Aaaaand TourBox also fixed that.

It’s compact, sturdy, and fits in cramped spaces where a keyboard wouldn’t. I can sketch on a bench, in a bus, or in an airport lounge with all of my shortcuts. It's a no-brainer. And Tourbox also sells a little carry case (which they were kind enough to provide) which keeps it safe.

Pros & Cons

The good

  • Tactility. Each button feels different and fits under your palm brilliantly. Pretty quickly you don't even need to look at it while you work.
  • Customizability. The shortcut-mapping system is intuitive, and you can do nearly anything you could want to with it.
  • Cross-device consistency. I can replicate my shortcuts on iPad and desktop, almost 1 to 1.
  • Travel-friendly. Smaller than a keyboard, sturdier than a gamepad.
  • Workflow boost. Keeps me in the zone! Painting now flows much easier.

The not so good

  • Price. Around $300. Not cheap.
  • Using it with iPad is inferior. On iPad it’s Bluetooth-only, meaning you need batteries. On top of that, some of the advanced features, like macros, aren't on iPad yet. It's still awesome, but just not quite as awesome.
  • Weight—it’s pretty hefty. Any heavier and it would have been a dealbreaker for travel.

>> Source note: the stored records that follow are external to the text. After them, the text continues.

Lemma commg_neq1 x h : [~ x, h] != 1 -> [~ x, h] = z.
Proof. by case: (cycle_involutionP (cm x h)) => ->; rewrite ?eqxx. Qed.

(* Modulo <[z]> this is the symplectic transvection v |-> v + B(v, h) h. *)
Definition transvection (h x : gT) := if [~ x, h] == 1 then x else x * h.

Lemma transvectionM h : h * h = z -> {morph transvection h : x y / x * y}.
Proof.
move=> hh x y; rewrite /transvection commMg_central.
have [ax|ax] := eqVneq [~ x, h] 1; have [ay|ay] := eqVneq [~ y, h] 1.
- by rewrite ax ay mulg1 eqxx.
- by rewrite ax mul1g (negPf ay) mulgA.
- by rewrite ay mulg1 (negPf ax) -!mulgA; move/eqP/commgP: ay => ->.
- rewrite (commg_neq1 ax) (commg_neq1 ay) zz eqxx -mulgA; congr (x * _).
  rewrite mulgA (commgC h y) -invg_comm (commg_neq1 ay) invg_involution.
  by rewrite -mulgA -(cz h) mulgA -(mulgA y) hh -mulgA zz mulg1.
Qed.

Lemma transvection_inj h : injective (transvection h).
Proof.
have commMh x : [~ x * h, h] = [~ x, h] by rewrite commMg_central commgg mulg1.
move=> x y; rewrite /transvection.
have [ax|ax] := eqVneq [~ x, h] 1; have [ay|ay] := eqVneq [~ y, h] 1 => //.
- by move=> exy; move: ay; rewrite -commMh -exy ax eqxx.
- by move=> exy; move: ax; rewrite -commMh exy ay eqxx.
- exact: mulIg.
Qed.

Section SymmetricGenerators.

Variables (I : finType) (g : I -> gT).
Hypothesis g2 : forall i, g i * g i = 1.
Hypothesis gc : forall i j, i != j -> [~ g i, g j] = z.
Hypotheses (zn1 : z != 1) (evenI : ~~ odd #|I|).

Lemma commg_gen i j : [~ g i, g j] = if i == j then 1 else z.
Proof. by have [->|/gc] := eqVneq i j; rewrite ?commgg. Qed.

Who It’s For (and Not For)

This thing is great for professional digital painters, and at a guess, by extension, digital creatives on the whole. If you rely on shortcuts or find yourself digging through menus all the time, you'll probably love the TourBox. If you need something more compact than your keyboard to use while you travel, you'll probably love the Tourbox.

If you make art casually, I'd say getting a TourBox is complete overkill, and you probably wouldn't build the muscle memory to use it comfortably.

If you're a gesture-loving Procreate user, the Tourbox will likely gather dust, forgotten.

And if you've only just started painting but are considering becoming a professional, I'd hold off on buying such an expensive, niche piece of kit. I'd prioritise the basics, like a nice tablet, upgrading your pc, or purchasing educational content to get your skills up.

Final Thoughts

The TourBox Elite Plus isn’t a magic gadget that makes you better at art, but making art definitely feels better with a TourBox.

I thought I was painting efficiently before I got one of these things, and then I realised how much friction there still was in my painting process. For example, I used to hold down a couple of keys and then drag my stylus left or right to resize my brush. I can't tell you which keys they were, because I've literally forgotten since getting the TourBox.

I just spin the dial, my brush resizes while I'm painting. Just that one twiddly wheel has made such a huge difference. I can essentially resize and paint at the same time now; I didn't fully realise how slow the old way was, but this is way faster, and adds much more visual variety to my brushstrokes.

So, after months of use, the TourBox Elite Plus has become integrated into my painting process completely, and losing it somehow would sting so bad I'd have to buy another one to replace it straight away.

If it seems like I'm way too into this thing and praising it too hard, I don't know what to tell you. I honestly love this thing, it has genuinely become a key part of my painting process.

So if digital painting is a large part of your life, get yourself a TourBox.